I am a size twelve boot and am wondering if I should stick with a regular board or switch to a wide.


----------



## tekniq33 (Mar 18, 2009)

Also consider a low profile boot such as the Salomon F series. I got those and also got surefoot inserts which allowed me an 11.5 and the footprint of probably an 11. There are also risers you can buy or bindings liek the Ride NRC or CAD with thick footbeds that raise your foot up.


----------



## Dano (Sep 16, 2009)

You need a Wide dude


----------



## TeamSR (Apr 22, 2009)

tekniq33 said:


> Also consider a low profile boot such as the Salomon F series. I got those and also got surefoot inserts which allowed me an 11.5 and the footprint of probably an 11. There are also risers you can buy or bindings liek the Ride NRC or CAD with thick footbeds that raise your foot up.

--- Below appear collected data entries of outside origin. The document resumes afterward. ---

(* Let $(X,E,\ell)$ be a uniformly connected and deterministic edge-labelled directed graph with label alphabet $\Sigma$, and let $F\subset\Sigma^+$ be a finite, non-empty set which is relatively dense in $(X,E,\ell)$. Then $$\sup_{x,y\in X}\mathsf h(L^F_{x,y})<\mathsf h(X).$$
   Context: $\Sigma$ is a finite alphabet, $\Sigma^*$ the set of finite words (including the empty word $\epsilon$), $\Sigma^+=\Sigma^*\setminus\{\epsilon\}$, $|w|$ the length of $w$. A factor of $a_1\cdots a_n$ is a word $a_i a_{i+1}\cdots a_j$, $1\le i\le j\le n$. For a language $L\subset\Sigma^*$, its entropy is $\mathsf h(L)=\limsup_{n\to\infty}\frac1n\log|\{w\in L:|w|=n\}|$, and for finite $F\subset\Sigma^+$, $L^F=\{w\in L:\text{no }v\in F\text{ is a factor of }w\}$. $(X,E,\ell)$ is a (possibly infinite) directed graph with vertex set $X$ whose edges $e=(x,a,y)$ have initial vertex $x$, terminal vertex $y$ and label $\ell(e)=a\in\Sigma$ (multiple edges and loops allowed, but two edges with the same endpoints have distinct labels). A path is a sequence of edges $e_1\cdots e_n$ with terminal vertex of $e_i$ equal to the initial vertex of $e_{i+1}$; its label is $\ell(e_1)\cdots\ell(e_n)$; the empty path at $x$ has label $\epsilon$. $L_{x,y}$ is the set of labels of all paths from $x$ to $y$, and $\mathsf h(X)=\sup_{x,y\in X}\mathsf h(L_{x,y})$. The graph is deterministic if for every vertex $x$ and $a\in\Sigma$ there is at most one edge with initial vertex $x$ and label $a$. It is strongly connected if there is a path between any ordered pair of vertices, and uniformly connected if it is strongly connected and there is $K$ such that for every edge from $x$ to $y$ there is a path from $y$ to $x$ of length at most $K$. The forward distance $d^+(x,y)$ is the minimal length of a path from $x$ to $y$. $F$ is relatively dense if there is $D$ such that for every $x\in X$ there are $y\in X$ and $w\in F$ with $d^+(x,y)\le D$ and a path starting at $y$ with label $w$. *)

From HB Require Import structures.
From mathcomp Require Import all_boot all_order all_algebra.
From mathcomp Require Import all_classical all_reals all_analysis.
Set Implicit Arguments. Unset Strict Implicit. Unset Printing Implicit Defensive.
Import Order.TTheory GRing.Theory Num.Theory.
Local Open Scope ring_scope.
Local Open Scope ereal_scope.

(* Since two edges with the same
   endpoints have distinct labels, an edge is determined by its triple. *)
Definition lgraph (X : Type) (Sigma : finType) := X -> Sigma -> X -> Prop.

Inductive path_lab (X : Type) (Sigma : finType) (E : lgraph X Sigma)
  : X -> X -> seq Sigma -> Prop :=
| path_nil x : path_lab E x x [::]
| path_cons x a z y w : E x a z -> path_lab E z y w -> path_lab E x y (a :: w).

Definition Lxy (X : Type) (Sigma : finType) (E : lgraph X Sigma) (x y : X)
  : seq Sigma -> Prop := fun w => path_lab E x y w.

Definition avoid (Sigma : finType) (L : seq Sigma -> Prop) (F : seq (seq Sigma))
  : seq Sigma -> Prop := fun w => L w /\ (forall v, v \in F -> ~~ infix v w).

Definition nwords (Sigma : finType) (L : seq Sigma -> Prop) (n : nat) : nat :=
  #|[set w : n.-tuple Sigma | `[< L (tval w) >] ]|.

Definition entropy (R : realType) (Sigma : finType) (L : seq Sigma -> Prop)
  : \bar R :=
  limn_esup (fun n => if nwords L n == 0%N then -oo
                      else ((ln (nwords L n)%:R / n%:R)%R)%:E).

Definition graph_entropy (R : realType) (X : Type) (Sigma : finType)
  (E : lgraph X Sigma) : \bar R :=
  ereal_sup [set entropy R (Lxy E x y) | x in [set: X] & y in [set: X]].

Definition deterministic (X : Type) (Sigma : finType) (E : lgraph X Sigma) :=
  forall x a y1 y2, E x a y1 -> E x a y2 -> y1 = y2.

Definition strongly_connected (X : Type) (Sigma : finType) (E : lgraph X Sigma) :=
  forall x y, exists w, path_lab E x y w.

Definition uniformly_connected (X : Type) (Sigma : finType) (E : lgraph X Sigma) :=
  strongly_connected E /\
  exists K : nat, forall x a y, E x a y ->
    exists w, path_lab E y x w /\ (size w <= K)%N.

Definition fdist_le (X : Type) (Sigma : finType) (E : lgraph X Sigma)
  (x y : X) (D : nat) := exists w, path_lab E x y w /\ (size w <= D)%N.

Definition relatively_dense (X : Type) (Sigma : finType) (E : lgraph X Sigma)
  (F : seq (seq Sigma)) :=
  exists D : nat, forall x, exists y w,
    fdist_le E x y D /\ w \in F /\ exists z, path_lab E y z w.

From HB Require Import structures.
From mathcomp Require Import all_boot all_order all_algebra.
From mathcomp Require Import all_classical all_reals all_analysis.
From mathcomp Require Import ring lra zify.

Set Implicit Arguments. Unset Strict Implicit. Unset Printing Implicit Defensive.
Import Order.TTheory GRing.Theory Num.Theory.

(* Uniform connectivity and relative density give at every vertex v a cycle
   of length at most some M containing a word of F.  Cut an F-free word u of
   length n from x to y into n/L blocks of length L and splice, inside every
   block, the cycle at the vertex reached at one of the L possible positions.
   The result is still a path label from x to y, of length n + k with
   k <= (n/L) M.  As u is F-free, the shortest prefix of the result containing
   a factor in F ends at most M letters after the first splice point, and
   recording these offsets block by block makes the construction injective:
     |L^F_{x,y} ∩ Σ^n| L^(n/L) <= ((n/L) M + 1) |L_{x,y} ∩ Σ^(n+k)| (M+1)^(n/L).
   For ln L large compared with ln (M+1) + (ln |Σ| + 1) M, this yields
   h(L_{x,y}) >= h(L^F_{x,y}) + 1/(2L) uniformly in x and y, while h(X) is
   finite and nonnegative. *)

Section DeterministicWalks.
Variables (X : Type) (Sigma : finType) (E : lgraph X Sigma).

Lemma path_lab_cat x y z s t :
  path_lab E x y s -> path_lab E y z t -> path_lab E x z (s ++ t).
Proof. by elim=> // x0 a z0 y0 w e _ IH /IH; apply: path_cons e. Qed.

Definition step (x : X) (a : Sigma) : option X :=
  match pselect (exists y, E x a y) with
  | left h => Some (sval (cid h)) | right _ => None end.

Fixpoint walk (x : X) (w : seq Sigma) : option X :=
  if w is a :: w' then (if step x a is Some z then walk z w' else None)
  else Some x.

Lemma walk_cat x s t :
  walk x (s ++ t) = if walk x s is Some z then walk z t else None.
Proof.
elim: s x => [//|a s IH] x /=.
by case: (step x a) => // z; rewrite IH.
Qed.

Lemma walk_cat_Some x s t y : walk x (s ++ t) = Some y ->
  exists z, walk x s = Some z /\ walk z t = Some y.
Proof. by rewrite walk_cat; case: (walk x s) => // z h; exists z. Qed.

(* [x] is a junk value for words not readable from [x]. *)
Definition walk_end (x : X) (w : seq Sigma) : X := odflt x (walk x w).

Hypothesis Hdet : deterministic E.

Lemma stepP x a y : E x a y <-> step x a = Some y.
Proof.
rewrite /step; case: pselect => [h|h]; split => [e|].
- by congr Some; apply: Hdet (svalP (cid h)) e.
- by case=> <-; exact: (svalP (cid h)).
- by exfalso; apply: h; exists y.
- by [].
Qed.

Lemma path_labP x y w : path_lab E x y w <-> walk x w = Some y.
Proof.
split; first by elim=> // x0 a z0 y0 w0 /stepP /= -> _.
elim: w x => [|a w IH] x /=; first by case=> ->; exact: path_nil.
case h: (step x a) => [z|//] /IH; apply: path_cons; exact/stepP.
Qed.

End DeterministicWalks.

Lemma path_lab_return (X : Type) (Sigma : finType) (E : lgraph X Sigma) (K : nat) :
  (forall x a y, E x a y -> exists w, path_lab E y x w /\ (size w <= K)%N) ->
  forall x y w, path_lab E x y w ->
  exists w', path_lab E y x w' /\ (size w' <= K * size w)%N.
Proof.
move=> HK x y w; elim=> [x0|x0 a z0 y0 w0 e _ [w1 [p1 s1]]].
  by exists [::]; split => //; exact: path_nil.
have [w2 [p2 s2]] := HK _ _ _ e.
exists (w1 ++ w2); split; first exact: path_lab_cat p1 p2.
by rewrite size_cat /= mulnS addnC leq_add.
Qed.

Section FirstHit.
Variables (Sigma : finType) (F : seq (seq Sigma)).

Definition hasF (s : seq Sigma) : bool := has (fun f => infix f s) F.

Lemma hasF_infix s t : infix s t -> hasF s -> hasF t.
Proof.
by move=> st /hasP[f fF fs]; apply/hasP; exists f => //; apply: infix_trans fs st.
Qed.

Lemma avoid_hasF (L : seq Sigma -> Prop) w : avoid L F w -> L w /\ ~~ hasF w.
Proof. by case=> h1 h2; split => //; apply/hasPn => v /h2. Qed.

Lemma hasF_take a u : ~~ hasF u -> ~~ hasF (take a u).
Proof. by apply: contra; apply: hasF_infix; exact: infix_take. Qed.

Lemma hasF_drop a u : ~~ hasF u -> ~~ hasF (drop a u).
Proof. by apply: contra; apply: hasF_infix; exact: infix_drop. Qed.

Definition first_hit (v : seq Sigma) : nat :=
  find (fun e => hasF (take e v)) (iota 0 (size v).+1).

Lemma first_hit_bounds p q v : ~~ hasF (take p v) -> hasF (take q v) ->
  (q <= size v)%N -> (p < first_hit v <= q)%N.
Proof.
move=> np hq qs.
have qlt : (q < size (iota 0 (size v).+1))%N by rewrite size_iota ltnS.
have hitq : (first_hit v <= q)%N.
  rewrite leqNgt; apply/negP => /(before_find 0%N).
  by rewrite nth_iota ?ltnS // add0n hq.
rewrite hitq andbT ltnNge; apply/negP => hitp.
have hh : has (fun e => hasF (take e v)) (iota 0 (size v).+1).
  by rewrite has_find; apply: leq_ltn_trans qlt.
have := nth_find 0%N hh; rewrite -/(first_hit v) nth_iota ?add0n; last first.
  by rewrite ltnS (leq_trans hitq qs).
apply/negP; apply: contra np; apply: hasF_infix.
by rewrite -(take_takel v hitp) infix_take.
Qed.

End FirstHit.

Section CycleInsertion.
Variables (X : Type) (Sigma : finType) (E : lgraph X Sigma) (F : seq (seq Sigma)).
Variables (cyc : X -> seq Sigma) (M L : nat).
Hypothesis cyc_size : forall v, (size (cyc v) <= M)%N.
Hypothesis cyc_pos : forall v, (0 < size (cyc v))%N.
Hypothesis cyc_F : forall v, hasF F (cyc v).
Hypothesis cyc_loop : forall v, walk E v (cyc v) = Some v.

You could also go with something like a palmer plate which will raise your bindings up a bit as well. For a 12 though (i ride an 11.5 on a regular width deck) however, i ride +15/-15 so i can make it work reletively easy. I would say just go with a wide or a mid-wide.


----------



## FLuiD (Jul 6, 2009)

As what's been said it all depends on stance, board, binding and boot combo. 12 is just big enough that most likely you will need a wide or a mid-wide. I ride normal width boards all day with an 11.


----------



## snoeboarder (Sep 19, 2008)

lots of companies going mid-wide, its easier now than ever


----------



## Guest (Sep 24, 2009)

I wear size 12/mondo 30. I've done the following:

1. Palmer plates and Burton risers. They did eliminate any toe/heel drag. However, they cost $, and I have several boards in the quiver. Pain in the butt to switch out, too. I've also had problems with screws coming loose (even w/lock tight). I finally gave up and tried...

2. Wide board. Definitely not for me. I ride mostly freeride and am sensitive to board dimmensions. Width change definitely threw me off. Again, quiver has many other boards that are not wide. So, I gave up on that pretty fast and...

3. Said screw it. I mounted my Never Summer T5 with some T9s right on the deck and hit the resort. I spent a day riding just about everything the place had to offer: steeps, bumps, groomers, park, trees. Dialed in, and have not had any problems. That was 2 seasons ago. 

In hindsight, I wish I'd not monkeyed around with 1 and 2.

So, I suppose your riding style, quiver, sensitivity/tolerance to changes in your setup, and money should be considered when deciding.


----------



## nos (Mar 13, 2008)

i have size 12s with a 251 waist. no problems, no drag.


----------



## Guest (Sep 25, 2009)

you might wanna get high profile boots they usually come true fit that comes smaller in actual boot measurement for example salomon boots or burton ion come less of outer shell that comes true fit
and like wolf said 12 is cutoff point you need widest board you can get or mess around with binder angle


----------



## nos (Mar 13, 2008)

haha, you don't need the widest board you can get.


----------



## conwayeast (Nov 6, 2008)

I would most defintly consider getting a wide or mid-wide. I have a size 13 and can tell you that there is nothing worse than heel & toe drag. Better to be safe than sorry. Esp when you consider how much boards cost. Unless of course if $$ is no object then do whatever makes you happy.


----------



## Nugggster (Sep 29, 2008)

IMO go with a wide board. I made that mistake & learned the hardway. 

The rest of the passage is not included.